WORK TO BE COMPLETED
Your answer is the lines below, exactly, from the one that contains "pose g (x : 'I_s.+2)" through the one that contains "(forall t, j", both included.

MATERIALS PROVIDED
(* Let $q\ge 2$ and let $f:\mathbb{N}\to\{0,1\}$ be a multiplicative $q$-automatic sequence such that the set $\mathbb{P}_0=\{p \text{ prime}: f(p)=0\}$ is infinite. Then $f(p)=0$ for all sufficiently large primes $p$.
   Context: $f$ multiplicative means $f(mn)=f(m)f(n)$ whenever $\gcd(m,n)=1$; $f$ is $q$-automatic if its $q$-kernel $\{\{f(q^in+r)\}_{n\ge 0}: i\ge 1, 0\le r\le q^i-1\}$ is a finite set of sequences. *)

From mathcomp Require Import all_boot.
Set Implicit Arguments. Unset Strict Implicit. Unset Printing Implicit Defensive.

Definition multiplicative (f : nat -> nat) : Prop :=
  forall m n : nat, coprime m n -> f (m * n) = f m * f n.

Definition kernel_seq (f : nat -> nat) (q i r : nat) : nat -> nat :=
  fun n => f (q ^ i * n + r).

Definition automatic (q : nat) (f : nat -> nat) : Prop :=
  exists L : seq (nat -> nat),
    forall i r : nat, 1 <= i -> r < q ^ i ->
      exists2 k : nat, k < size L &
        forall n : nat, kernel_seq f q i r n = nth (fun _ => 0) L k n.

From mathcomp Require Import all_boot zify.
From mathcomp Require Import cyclic.
From Stdlib Require Import Classical ClassicalEpsilon ArithRing.

(* If f(1) = 0 then f vanishes identically, so assume
   f(1) = 1 and, for a contradiction, that f(p) = 1 for infinitely many primes.
   1. Automaticity and the pigeonhole principle applied to the kernel sequences
      n |-> f(q^i n + 1) give i and Q = q^e > 1 with f(Q y + 1) = f(y + 1)
      whenever q^i | y  (kernel_period).
   2. Multiplying distinct primes with f = 1 and applying the pigeonhole
      principle to prefix products modulo q^i gives c > 1 with f(c) = 1,
      c = 1 mod q^i and c coprime to all small numbers  (one_mod_witness).
   3. For m in {Q, Q^2} the affine map y |-> c m y + (c - 1) satisfies
      c m y + c = c (m y + 1), hence preserves f(y + 1) on a suitable set of
      "admissible" y; so do all compositions and iterates  (twist_transports).
   4. For a prime P > c Q with f(P) = 0, two compositions of these maps differ
      by a constant prime to P; one of them is an affine map whose multiplier
      is 1 mod P^2 and whose constant term is prime to P.  Its orbit of 0
      reaches some y = P - 1 mod P^2, so y + 1 = P (k P + 1) and
      1 = f(1) = f(y + 1) = f(P) f(k P + 1) = 0  (transport_contradiction). *)

Lemma pigeonhole_nat (h : nat -> nat) (s : nat) :
  (forall k, k <= s -> h k < s) -> exists j k, j < k /\ k <= s /\ h j = h k.
Proof.
case: s => [|s] h_lt; first by have := h_lt 0 (leqnn 0).
pose g (x : 'I_s.+2) : 'I_s.+1 := Ordinal (h_lt x (ltn_ord x)).
have : ~~ injectiveb g.
  apply/negP => /injectiveP g_inj; have := leq_card _ g_inj.
  by rewrite !card_ord ltnn.
case/injectivePn => x [y] x_neq_y /(congr1 val) /= h_xy.
case: (ltngtP x y) => [lt_xy|lt_yx|eq_xy].
- by exists x, y; split => //; split => //; rewrite -ltnS.
- by exists y, x; split => //; split => //; rewrite -ltnS.
- by move: x_neq_y; rewrite (val_inj eq_xy) eqxx.
Qed.

Lemma coprime_prod_nat (F : nat -> nat) (n j k : nat) :
  (forall t, j <= t < k -> coprime (F t) n) -> coprime (\prod_(j <= t < k) F t) n.
Proof.
move=> F_cop; rewrite big_seq_cond; apply: (big_ind (coprime^~ n)) => [|a b|t].
- exact: coprime1n.
- by rewrite coprimeMl => -> ->.
- by rewrite mem_index_iota andbT; apply: F_cop.
Qed.

Lemma multiplicative_prod (f F : nat -> nat) (j k : nat) :
  multiplicative f -> f 1 = 1 ->
  (forall s t, j <= s < k -> j <= t < k -> s != t -> coprime (F s) (F t)) ->
  f (\prod_(j <= t < k) F t) = \prod_(j <= t < k) f (F t).
Proof.
move=> f_mul f1; elim: k => [|k IHk] F_cop; first by rewrite !big_geq.
case: (leqP j k) => [le_jk|lt_kj]; last by rewrite !big_geq.
rewrite !big_nat_recr //= f_mul ?IHk //.
  by move=> s t /andP[js sk] /andP[jt tk]; apply: F_cop; lia.
apply: coprime_prod_nat => t /andP[jt tk]; apply: F_cop; lia.
Qed.

(* If c divides y + 1 and is coprime to m - 1, then c is coprime to m y + 1,
   because m (y + 1) = (m y + 1) + (m - 1). *)
Lemma coprime_affine_step (c m y : nat) :
  0 < m -> coprime c (m - 1) -> c %| y.+1 -> coprime c (m * y + 1).
Proof.
move=> m_gt0 c_cop c_dvd; rewrite /coprime; set g := gcdn _ _.
have g_c : g %| c by apply: dvdn_gcdl.
have g_my : g %| m * y.+1 by apply/dvdn_mull/(dvdn_trans g_c).
have split_my : m * y.+1 = (m * y + 1) + (m - 1) by lia.
rewrite split_my (dvdn_addr _ (dvdn_gcdr _ _)) in g_my.
have : g %| gcdn c (m - 1) by rewrite dvdn_gcd g_c g_my.
by move: c_cop; rewrite /coprime => /eqP ->; rewrite dvdn1.
Qed.

Lemma increasing_witnesses (P : nat -> Prop) (B : nat) :
  (forall N, exists p, N < p /\ P p) ->
  exists p_ : nat -> nat,
    (forall k, P (p_ k) /\ B < p_ k) /\ {homo p_ : s t / s < t}.
Proof.
move=> P_unbounded.
pose next N := proj1_sig (constructive_indefinite_description _ (P_unbounded N)).
have nextP N : N < next N /\ P (next N).
  exact: proj2_sig (constructive_indefinite_description _ (P_unbounded N)).
exists (fun k => iter k.+1 next B); split; last first.
  apply: (@homo_ltn _ _ (fun a b => a < b)) => [s t u|k]; first exact: ltn_trans.
  exact: (proj1 (nextP _)).
elim=> [|k [_ B_lt]]; first exact/and_comm/(nextP B).
have [lt_next Pnext] := nextP (iter k.+1 next B).
by split; last exact: ltn_trans lt_next.
Qed.

(* Among the blocks of a sequence of positive numbers coprime to M, some block
   product is 1 modulo M (pigeonhole on prefix products). *)
Lemma block_prod_one_mod (M : nat) (p_ : nat -> nat) :
  0 < M -> (forall k, 0 < p_ k /\ coprime (p_ k) M) ->
  exists j k, j < k /\ M %| \prod_(j <= t < k) p_ t - 1.
Proof.
move=> M_gt0 p_ok; pose pre k := \prod_(0 <= t < k) p_ t.
have [j [k [lt_jk [_ e]]]] : exists j k, j < k /\ k <= M /\ pre j %% M = pre k %% M.
  by apply: pigeonhole_nat => t _; rewrite ltn_pmod.
exists j, k; split => //.
have split_pre : pre k = pre j * \prod_(j <= t < k) p_ t.
  by rewrite /pre -big_cat_nat // ltnW.
have block_gt0 : 0 < \prod_(j <= t < k) p_ t.
  by apply: prodn_gt0 => t; case: (p_ok t).
have pre_cop : coprime (pre j) M by apply: coprime_prod_nat => t _; case: (p_ok t).
move/eqP: e; rewrite eq_sym eqn_mod_dvd; last by rewrite split_pre leq_pmulr.
by rewrite split_pre -{2}(muln1 (pre j)) -mulnBr Gauss_dvdr // coprime_sym.
Qed.

Lemma one_mod_witness (f : nat -> nat) (M B : nat) :
  multiplicative f -> f 1 = 1 -> 0 < M ->
  (forall N, exists p, N < p /\ prime p /\ f p = 1) ->
  (forall p, prime p -> B < p -> coprime p M) ->
  exists c, [/\ 1 < c, M %| c - 1, f c = 1 & forall n, 0 < n <= B -> coprime c n].
Proof.
move=> f_mul f1 M_gt0 f_ones M_small.
have [p_ [p_ok p_mono]] := increasing_witnesses _ B f_ones.
have p_prime k : prime (p_ k) by case: (p_ok k) => [[]].
have [j [k [lt_jk c_mod]]] : exists j k, j < k /\ M %| \prod_(j <= t < k) p_ t - 1.
  apply: block_prod_one_mod => // t; rewrite prime_gt0 // M_small //.
  by case: (p_ok t).
have p_cop s t : s != t -> coprime (p_ s) (p_ t).
  rewrite prime_coprime // dvdn_prime2 // !neq_ltn.
  by case/orP => /p_mono ->; rewrite ?orbT.
exists (\prod_(j <= t < k) p_ t); split => //.
- rewrite big_ltn //; have := prime_gt1 (p_prime j).
  have : 0 < \prod_(j.+1 <= t < k) p_ t by apply: prodn_gt0 => t; apply: prime_gt0.
  move: (p_ j) (\prod_(_ <= _ < _) _) => a b; nia.
- rewrite multiplicative_prod // => [|s t _ _]; last exact: p_cop.
  by rewrite big1 // => t _; case: (p_ok t) => [[]].
- move=> n /andP[n_gt0 n_le]; apply: coprime_prod_nat => t _.
  rewrite prime_coprime //; apply/negP => /(dvdn_leq n_gt0).
  by case: (p_ok t) => _; lia.
Qed.

(* Step 1: automaticity forces f(Q y + 1) = f(y + 1) for Q = q^e > 1 and all
   multiples y of some q^i: two kernel sequences n |-> f(q^(i+1) n + 1) must
   coincide. *)
Lemma kernel_period (q : nat) (f : nat -> nat) :
  1 < q -> automatic q f ->
  exists i e, 0 < e /\ forall y, q ^ i %| y -> f (q ^ e * y + 1) = f (y + 1).
Proof.
move=> q_gt1 [L L_ok].
have kernel_idx k : exists x, x < size L /\
    forall n, kernel_seq f q k.+1 1 n = nth (fun _ => 0) L x n.
  have one_lt : 1 < q ^ k.+1 by rewrite -(expn0 q) ltn_exp2l.
  by have [x x_lt x_eq] := L_ok k.+1 1 isT one_lt; exists x.
pose idx k := proj1_sig (constructive_indefinite_description _ (kernel_idx k)).
have idxP k : idx k < size L /\
    forall n, kernel_seq f q k.+1 1 n = nth (fun _ => 0) L (idx k) n.
  exact: proj2_sig (constructive_indefinite_description _ (kernel_idx k)).
have [j [k [lt_jk [_ same]]]] := pigeonhole_nat idx (size L) (fun k _ => proj1 (idxP k)).
exists j.+1, (k - j); split; first by rewrite subn_gt0.
move=> y /dvdnP [n ->].
have row_j := proj2 (idxP j) n; have row_k := proj2 (idxP k) n.
rewrite /kernel_seq same in row_j; rewrite /kernel_seq in row_k.
have -> : q ^ (k - j) * (n * q ^ j.+1) = q ^ k.+1 * n.
  by rewrite mulnCA -expnD addnS subnK ?(ltnW lt_jk) // mulnC.
by rewrite row_k mulnC row_j.
Qed.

PROBLEM SOLUTION
pose g (x : 'I_s.+2) : 'I_s.+1 := Ordinal (h_lt x (ltn_ord x)).
have : ~~ injectiveb g.
  apply/negP => /injectiveP g_inj; have := leq_card _ g_inj.
  by rewrite !card_ord ltnn.
case/injectivePn => x [y] x_neq_y /(congr1 val) /= h_xy.
case: (ltngtP x y) => [lt_xy|lt_yx|eq_xy].
- by exists x, y; split => //; split => //; rewrite -ltnS.
- by exists y, x; split => //; split => //; rewrite -ltnS.
- by move: x_neq_y; rewrite (val_inj eq_xy) eqxx.
Qed.

Lemma coprime_prod_nat (F : nat -> nat) (n j k : nat) :
  (forall t, j <= t < k -> coprime (F t) n) -> coprime (\prod_(j <= t < k) F t) n.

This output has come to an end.